Я особенно люблю ярко озаренные стволы берез перед стеной густого леса. В глубине его те же березы тускло кое-где просвечивают в сумраке разнородной чащи.
Как белы они перед закатом!
И еще я люблю невысокое солнце между стволов, когда свет будто пробегает по лесу на четвереньках.
...А где же на карте усадьба «Дубки»? Этот ветхий, потемневший от времени бревенчатый дом с четырьмя фальшивыми колоннами на обоих фасадах и овальными окнами построила для своей дочери княгиня Ливен. Перед фасадом, обращенным к реке, тянется ряд вековых неохватных дубов, давших усадьбе название,— когда-то они были «дубками»...

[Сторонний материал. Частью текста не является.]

Variables (h : R -> R) (c : R).
Hypothesis h_0 : h 0 = c.
Hypothesis h_increasing : forall a b, 0 <= a -> a < b -> h a < h b.
Hypothesis h_continuous : forall x, continuity_pt h x.
Hypothesis h_unbounded : is_lim h p_infty p_infty.

Let g := inverse_on_nonneg h.

Let h_le (a b : R) : 0 <= a -> a <= b -> h a <= h b.
Proof.
  intros Ha Hab; destruct (Req_dec a b) as [-> | Hne]; [lra | left; apply h_increasing; lra].
Qed.

Lemma inverse_on_nonneg_spec (x : R) : c <= x -> 0 <= g x /\ h (g x) = x.
Proof.
  intros Hx; unfold g, inverse_on_nonneg; apply epsilon_spec.
  destruct (proj2 (is_lim_spec h p_infty p_infty) h_unbounded x) as [N HN].
  set (b := Rmax N 0 + 1).
  assert (Hb : 0 < b /\ x < h b).
  { pose proof (Rmax_l N 0); pose proof (Rmax_r N 0); unfold b; split; [lra | apply HN; lra]. }
  destruct (IVT_gen h 0 b x h_continuous) as [r [Hr Er]].
  { rewrite h_0, Rmin_left, Rmax_right; lra. }
  exists r; rewrite Rmin_left in Hr by lra; split; [lra | exact Er].
Qed.

Lemma inverse_on_nonneg_image (r : R) : 0 <= r -> g (h r) = r.
Proof.
  intros Hr; assert (Hc : c <= h r) by (rewrite <- h_0; apply h_le; lra).
  destruct (inverse_on_nonneg_spec _ Hc) as [H1 H2].
  destruct (Rtotal_order (g (h r)) r) as [L | [E | L]]; [| exact E |];
    apply h_increasing in L; lra.
Qed.

Lemma inverse_on_nonneg_continuous (x : R) : c <= x ->
  filterlim g (within (fun y => c <= y) (locally x)) (locally (g x)).
Proof.
  intros Hx; apply filterlim_locally; intros e; pose proof (cond_pos e) as He.
  destruct (inverse_on_nonneg_spec x Hx) as [Hr0 Er0].
  assert (Hhi : x < h (g x + e / 2)) by (rewrite <- Er0 at 1; apply h_increasing; lra).
  set (lo := if Rle_dec 0 (g x - e / 2) then h (g x - e / 2) else x - 1).
  assert (Hlo : lo < x).
  { unfold lo; destruct (Rle_dec 0 (g x - e / 2)); [| lra].
    rewrite <- Er0 at 2; apply h_increasing; lra. }
  assert (Hd : 0 < Rmin (h (g x + e / 2) - x) (x - lo)) by (apply Rmin_pos; lra).
  exists (mkposreal _ Hd); intros y Hy Hcy.
  change (Rabs (y - x) < Rmin (h (g x + e / 2) - x) (x - lo)) in Hy.
  change (Rabs (g y - g x) < e).
  pose proof (Rmin_l (h (g x + e / 2) - x) (x - lo)).
  pose proof (Rmin_r (h (g x + e / 2) - x) (x - lo)).
  apply Rabs_def2 in Hy; destruct (inverse_on_nonneg_spec y Hcy) as [Hgy Egy].
  assert (Hup : g y < g x + e / 2).
  { destruct (Rlt_le_dec (g y) (g x + e / 2)) as [Hlt | Hle]; [exact Hlt | exfalso].
    pose proof (h_le (g x + e / 2) (g y) ltac:(lra) Hle); lra. }
  assert (Hdown : g x - e / 2 < g y).
  { unfold lo in *; destruct (Rle_dec 0 (g x - e / 2)) as [Hle0 | Hlt0]; [| lra].
    destruct (Rlt_le_dec (g x - e / 2) (g y)) as [Hlt | Hle]; [exact Hlt | exfalso].
    pose proof (h_le (g y) (g x - e / 2) Hgy Hle); lra. }
  apply Rabs_def1; lra.
Qed.

Lemma is_lim_inverse_on_nonneg : is_lim g p_infty p_infty.
Proof.
  apply is_lim_spec; intros M; exists (h (Rmax M 0)); intros x Hx.
  assert (Hc : c <= h (Rmax M 0)) by (rewrite <- h_0; apply h_le; [lra | apply Rmax_r]).
  destruct (inverse_on_nonneg_spec x ltac:(lra)) as [H1 H2].
  destruct (Rlt_le_dec (Rmax M 0) (g x)) as [H | H]; [pose proof (Rmax_l M 0); lra | exfalso].
  pose proof (h_le _ _ H1 H); lra.
Qed.

End IncreasingInverse.

(* For [x = u r] with [r = g x] and [rho r = u r / (a r^p) -> 1], one has
   [a^(-1/p) x^(1/p) = rho(r)^(1/p) r], so the ratio is [(v r / r) / rho(r)^(1/p) -> 1]. *)
Lemma is_lim_ratio_inverse_power (u v g : R -> R) (a p M : R) : 0 < a -> 0 < p ->
  is_lim (fun r => u r / (a * Rpower r p)) p_infty 1 ->
  is_lim (fun r => v r / r) p_infty 1 ->
  is_lim g p_infty p_infty ->
  (forall x, M < x -> 0 < g x /\ u (g x) = x) ->
  is_lim (fun x => v (g x) / (Rpower a (- (1 / p)) * Rpower x (1 / p))) p_infty 1.
Proof.
  intros Ha Hp Hu Hv Hg Hinv.
  set (rho r := u r / (a * Rpower r p)).
  assert (Hrho : is_lim (fun r => Rpower (rho r) (1 / p)) p_infty 1).
  { replace (Finite 1) with (Finite (Rpower 1 (1 / p))) by (rewrite Rpower_1_l; reflexivity).
    apply (is_lim_comp_continuous rho (fun y => Rpower y (1 / p))); [exact Hu |].
    apply (ex_derive_continuous (fun y => Rpower y (1 / p))); unfold Rpower; auto_derive; lra. }
  assert (Hquot := is_lim_div _ _ p_infty 1 1 Hv Hrho ltac:(intros E; injection E; lra) I).
  simpl in Hquot; replace (1 * / 1) with 1 in Hquot by field.
  apply is_lim_ext_loc with (fun x => (v (g x) / g x) / Rpower (rho (g x)) (1 / p)).
  - exists (Rmax M 0); intros x Hx.
    pose proof (Rmax_l M 0); pose proof (Rmax_r M 0).
    destruct (Hinv x ltac:(lra)) as [Hr Ex]; set (r := g x) in *.
    pose proof (Rpower_pos r p).
    assert (Hrho_pos : 0 < rho r) by (unfold rho; rewrite Ex; apply Rdiv_lt_0_compat; nra).
    assert (Exr : x = rho r * a * Rpower r p) by (unfold rho; rewrite Ex; field; lra).
    assert (E : Rpower a (- (1 / p)) * Rpower x (1 / p) = Rpower (rho r) (1 / p) * r).
    { rewrite Exr, <- !Rpower_mult_distr, Rpower_mult by nra.
      replace (p * (1 / p)) with 1 by (field; lra).
      rewrite Rpower_1, Rpower_Ropp by lra.
      pose proof (Rpower_pos a (1 / p)); field; lra. }
    rewrite E; pose proof (Rpower_pos (rho r) (1 / p)); field; lra.
  - apply (is_lim_comp (fun r => (v r / r) / Rpower (rho r) (1 / p)) g p_infty 1 p_infty Hquot Hg).
    exists 0; intros; discriminate.
Qed.

Lemma equiv_pinfty_ext (f1 f2 g : R -> R) :
  (forall x, f1 x = f2 x) -> equiv_pinfty f2 g -> equiv_pinfty f1 g.
Proof.
  intros E [Hg Hlim]; split; [exact Hg |].
  eapply is_lim_ext; [| exact Hlim]; intros x; simpl; rewrite E; reflexivity.
Qed.

Definition f_C (Cc eps x : R) : R :=
  im_phi_ir Cc eps (inverse_on_nonneg (re_phi_ir Cc eps) x).

Section ImaginaryAxisAsymptotics.

Variables (Cc eps : R).
Hypothesis Cc_pos : 0 < Cc.
Hypothesis eps_bounds : 0 < eps < 1.

Let re_0 := re_phi_ir_0 Cc eps.
Let re_increasing := re_phi_ir_increasing Cc eps Cc_pos eps_bounds.
Let re_continuous := continuous_re_phi_ir Cc eps.
Let re_unbounded := is_lim_re_phi_ir Cc eps Cc_pos eps_bounds.
Let re_inverse_spec := inverse_on_nonneg_spec _ _ re_0 re_continuous re_unbounded.

Lemma re_phi_ir_equiv :
  equiv_pinfty (re_phi_ir Cc eps) (fun r => Cc * cos (eps * (PI / 2)) * Rpower r eps).
Proof.
  pose proof (cos_eps_PI2_pos eps eps_bounds).
  split; [| apply is_lim_re_phi_ir_ratio; assumption].
  exists 0; intros x _; pose proof (Rpower_pos x eps).
  apply Rgt_not_eq, Rmult_gt_0_compat; nra.
Qed.

Lemma im_phi_ir_equiv : equiv_pinfty (im_phi_ir Cc eps) (fun r => r).
Proof. split; [exists 0; intros x Hx; lra | apply is_lim_im_phi_ir_ratio, eps_bounds]. Qed.

Lemma Cc_le_re_phi_ir (r : R) : 0 <= r -> Cc <= re_phi_ir Cc eps r.
Proof.
  intros Hr; rewrite <- (re_phi_ir_0 Cc eps) at 1.
  destruct (Req_dec r 0) as [-> | Hr0]; [lra |].
  left; apply re_phi_ir_increasing; lra.
Qed.

Lemma f_C_re_phi_ir (r : R) : 0 <= r -> f_C Cc eps (re_phi_ir Cc eps r) = im_phi_ir Cc eps r.
Proof.
  intros Hr; unfold f_C.
  rewrite (inverse_on_nonneg_image _ _ re_0 re_increasing re_continuous re_unbounded r Hr).
  reflexivity.
Qed.

Lemma f_C_nonneg (x : R) : Cc <= x -> 0 <= f_C Cc eps x.
Proof.
  intros Hx; apply im_phi_ir_nonneg; [exact Cc_pos | exact eps_bounds | apply re_inverse_spec, Hx].
Qed.

Lemma f_C_continuous (x : R) : Cc <= x ->
  filterlim (f_C Cc eps) (within (fun y => Cc <= y) (locally x)) (locally (f_C Cc eps x)).
Proof.
  intros Hx; unfold f_C; eapply filterlim_comp; [| apply continuous_im_phi_ir].
  exact (inverse_on_nonneg_continuous _ _ re_0 re_increasing re_continuous re_unbounded x Hx).
Qed.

У княгини Ливен было трое детей —- сыновья Андрей, Петр и дочь Маша. Андрей был бездельником и шалопаем, Петр — домашние звали его Петрик — книгочием и полиглотом. В библиотеке ливенского дома-дворца, по воспоминаниям В. Афанасьевой, бывавшей там в 1910—1911 годах и приславшей мне большое письмо с фотографиями тех лет после публикации этих записок и журнале «Москва», было большое собрание книг на русском, французском, немецком и английском языках, и на каждой была надпись — «Петрик Ливен».
Петрик был деятельным, энергичным. Всегда в кругу деревенской молодежи. Это ему принадлежит заслуга создания первой футбольной команды в своей округе.
Но теплее других вспоминают Машу.
Говорят, что княжна была необыкновенно хороша собой. Против воли матери она вышла за музыканта Большого театра, скрипача Конюса, годами много старше себя, и бежала с ним из дому. Со временем мать простила ее, но пожелала, чтобы «молодые» жили отдельно. И построила им этот дом поодаль от себя, в лесу. Вскоре началась революция. Ливены бежали за границу. Дом даже не успели оштукатурить.
После Великой Отечественной войны кто-то из воскре-сенцев встретил в Маньчжурии пожилую даму. Она жадно расспрашивала о Спасском, об имении в парке, о доме в «Дубках» и плакала... Это была Маша Ливен, бывшая красавица, обносившая в престольные праздники крестьян конфетами на подносе.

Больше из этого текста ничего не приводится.